Material shown:

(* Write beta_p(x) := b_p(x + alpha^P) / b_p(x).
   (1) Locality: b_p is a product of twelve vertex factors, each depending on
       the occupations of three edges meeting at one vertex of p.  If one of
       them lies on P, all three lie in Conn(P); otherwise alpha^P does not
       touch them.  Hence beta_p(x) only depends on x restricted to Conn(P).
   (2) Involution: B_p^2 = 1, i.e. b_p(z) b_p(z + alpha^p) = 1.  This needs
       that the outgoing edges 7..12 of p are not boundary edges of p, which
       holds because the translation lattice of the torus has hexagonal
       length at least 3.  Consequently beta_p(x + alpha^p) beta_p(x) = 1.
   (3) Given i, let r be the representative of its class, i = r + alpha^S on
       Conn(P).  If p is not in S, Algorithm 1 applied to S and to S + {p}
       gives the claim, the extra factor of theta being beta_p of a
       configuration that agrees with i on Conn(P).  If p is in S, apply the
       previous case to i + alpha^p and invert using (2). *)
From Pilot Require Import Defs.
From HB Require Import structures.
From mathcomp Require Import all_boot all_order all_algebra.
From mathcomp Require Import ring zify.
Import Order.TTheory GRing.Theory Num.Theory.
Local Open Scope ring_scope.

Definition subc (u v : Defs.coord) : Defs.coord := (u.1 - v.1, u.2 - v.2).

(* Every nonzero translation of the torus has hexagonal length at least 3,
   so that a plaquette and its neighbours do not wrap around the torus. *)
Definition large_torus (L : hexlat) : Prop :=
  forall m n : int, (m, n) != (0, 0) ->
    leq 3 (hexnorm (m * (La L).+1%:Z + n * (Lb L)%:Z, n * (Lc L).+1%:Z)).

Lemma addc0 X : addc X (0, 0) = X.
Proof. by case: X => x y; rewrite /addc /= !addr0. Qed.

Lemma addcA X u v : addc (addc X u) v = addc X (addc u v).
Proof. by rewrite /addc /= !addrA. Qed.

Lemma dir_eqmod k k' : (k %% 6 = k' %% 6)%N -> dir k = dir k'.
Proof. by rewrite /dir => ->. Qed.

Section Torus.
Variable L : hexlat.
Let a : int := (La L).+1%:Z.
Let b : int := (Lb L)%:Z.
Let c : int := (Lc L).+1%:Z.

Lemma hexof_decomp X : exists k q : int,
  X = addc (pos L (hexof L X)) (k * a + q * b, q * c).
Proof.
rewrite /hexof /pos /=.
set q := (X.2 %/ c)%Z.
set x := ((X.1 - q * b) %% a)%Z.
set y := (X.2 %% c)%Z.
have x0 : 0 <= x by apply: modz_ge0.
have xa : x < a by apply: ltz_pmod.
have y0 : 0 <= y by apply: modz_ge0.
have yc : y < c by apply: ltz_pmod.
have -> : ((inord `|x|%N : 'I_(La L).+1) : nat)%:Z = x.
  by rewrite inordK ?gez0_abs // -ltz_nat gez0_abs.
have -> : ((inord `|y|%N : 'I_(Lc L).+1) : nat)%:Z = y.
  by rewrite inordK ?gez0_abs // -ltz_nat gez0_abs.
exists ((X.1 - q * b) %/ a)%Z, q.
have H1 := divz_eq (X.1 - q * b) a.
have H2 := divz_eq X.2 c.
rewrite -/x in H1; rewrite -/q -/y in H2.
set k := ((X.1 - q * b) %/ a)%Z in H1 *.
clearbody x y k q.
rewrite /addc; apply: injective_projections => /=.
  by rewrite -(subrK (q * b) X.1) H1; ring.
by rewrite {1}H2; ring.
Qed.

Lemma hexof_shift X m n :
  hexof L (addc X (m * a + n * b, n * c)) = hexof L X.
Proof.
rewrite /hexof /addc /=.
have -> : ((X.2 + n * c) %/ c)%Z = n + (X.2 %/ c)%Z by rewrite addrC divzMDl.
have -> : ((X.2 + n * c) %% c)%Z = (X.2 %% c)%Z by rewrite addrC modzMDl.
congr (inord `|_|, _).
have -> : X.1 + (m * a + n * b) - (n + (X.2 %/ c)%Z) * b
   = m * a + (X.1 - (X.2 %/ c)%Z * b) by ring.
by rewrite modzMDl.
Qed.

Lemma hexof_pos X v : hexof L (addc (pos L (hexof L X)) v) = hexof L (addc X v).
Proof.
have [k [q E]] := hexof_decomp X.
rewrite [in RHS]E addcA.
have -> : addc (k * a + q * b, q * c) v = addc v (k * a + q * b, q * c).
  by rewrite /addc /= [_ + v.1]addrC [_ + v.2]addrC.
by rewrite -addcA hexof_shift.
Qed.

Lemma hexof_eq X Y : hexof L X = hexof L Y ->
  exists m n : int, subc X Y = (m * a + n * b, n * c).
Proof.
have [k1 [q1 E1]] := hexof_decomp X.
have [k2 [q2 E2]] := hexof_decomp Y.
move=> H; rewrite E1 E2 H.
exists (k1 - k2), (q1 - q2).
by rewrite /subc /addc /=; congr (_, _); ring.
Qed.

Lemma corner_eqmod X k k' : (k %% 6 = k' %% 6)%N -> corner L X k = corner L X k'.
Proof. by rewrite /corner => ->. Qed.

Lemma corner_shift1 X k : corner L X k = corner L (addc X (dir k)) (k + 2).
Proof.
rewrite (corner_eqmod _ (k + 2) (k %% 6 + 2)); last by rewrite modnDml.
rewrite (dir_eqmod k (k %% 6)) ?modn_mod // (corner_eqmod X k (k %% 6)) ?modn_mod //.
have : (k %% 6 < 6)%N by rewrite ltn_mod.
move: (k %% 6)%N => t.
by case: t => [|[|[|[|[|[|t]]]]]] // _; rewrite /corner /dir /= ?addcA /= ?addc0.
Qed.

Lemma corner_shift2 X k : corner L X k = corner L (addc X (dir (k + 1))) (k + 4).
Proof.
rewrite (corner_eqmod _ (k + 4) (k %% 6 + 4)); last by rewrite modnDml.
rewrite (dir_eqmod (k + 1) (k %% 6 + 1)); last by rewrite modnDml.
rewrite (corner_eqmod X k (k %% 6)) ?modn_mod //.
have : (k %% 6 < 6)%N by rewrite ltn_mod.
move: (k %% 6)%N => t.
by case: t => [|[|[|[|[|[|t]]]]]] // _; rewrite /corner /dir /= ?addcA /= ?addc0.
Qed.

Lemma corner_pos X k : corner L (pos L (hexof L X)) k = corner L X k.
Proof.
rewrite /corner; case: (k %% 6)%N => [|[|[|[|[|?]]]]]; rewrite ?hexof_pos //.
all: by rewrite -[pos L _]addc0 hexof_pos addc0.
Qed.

What to produce: Nothing but the lines from the start of the data above through the line with "so that a plaquette" should appear in your answer, copied exactly.

Result of this exercise:
(* Write beta_p(x) := b_p(x + alpha^P) / b_p(x).
   (1) Locality: b_p is a product of twelve vertex factors, each depending on
       the occupations of three edges meeting at one vertex of p.  If one of
       them lies on P, all three lie in Conn(P); otherwise alpha^P does not
       touch them.  Hence beta_p(x) only depends on x restricted to Conn(P).
   (2) Involution: B_p^2 = 1, i.e. b_p(z) b_p(z + alpha^p) = 1.  This needs
       that the outgoing edges 7..12 of p are not boundary edges of p, which
       holds because the translation lattice of the torus has hexagonal
       length at least 3.  Consequently beta_p(x + alpha^p) beta_p(x) = 1.
   (3) Given i, let r be the representative of its class, i = r + alpha^S on
       Conn(P).  If p is not in S, Algorithm 1 applied to S and to S + {p}
       gives the claim, the extra factor of theta being beta_p of a
       configuration that agrees with i on Conn(P).  If p is in S, apply the
       previous case to i + alpha^p and invert using (2). *)
From Pilot Require Import Defs.
From HB Require Import structures.
From mathcomp Require Import all_boot all_order all_algebra.
From mathcomp Require Import ring zify.
Import Order.TTheory GRing.Theory Num.Theory.
Local Open Scope ring_scope.

Definition subc (u v : Defs.coord) : Defs.coord := (u.1 - v.1, u.2 - v.2).

(* Every nonzero translation of the torus has hexagonal length at least 3,
   so that a plaquette and its neighbours do not wrap around the torus. *)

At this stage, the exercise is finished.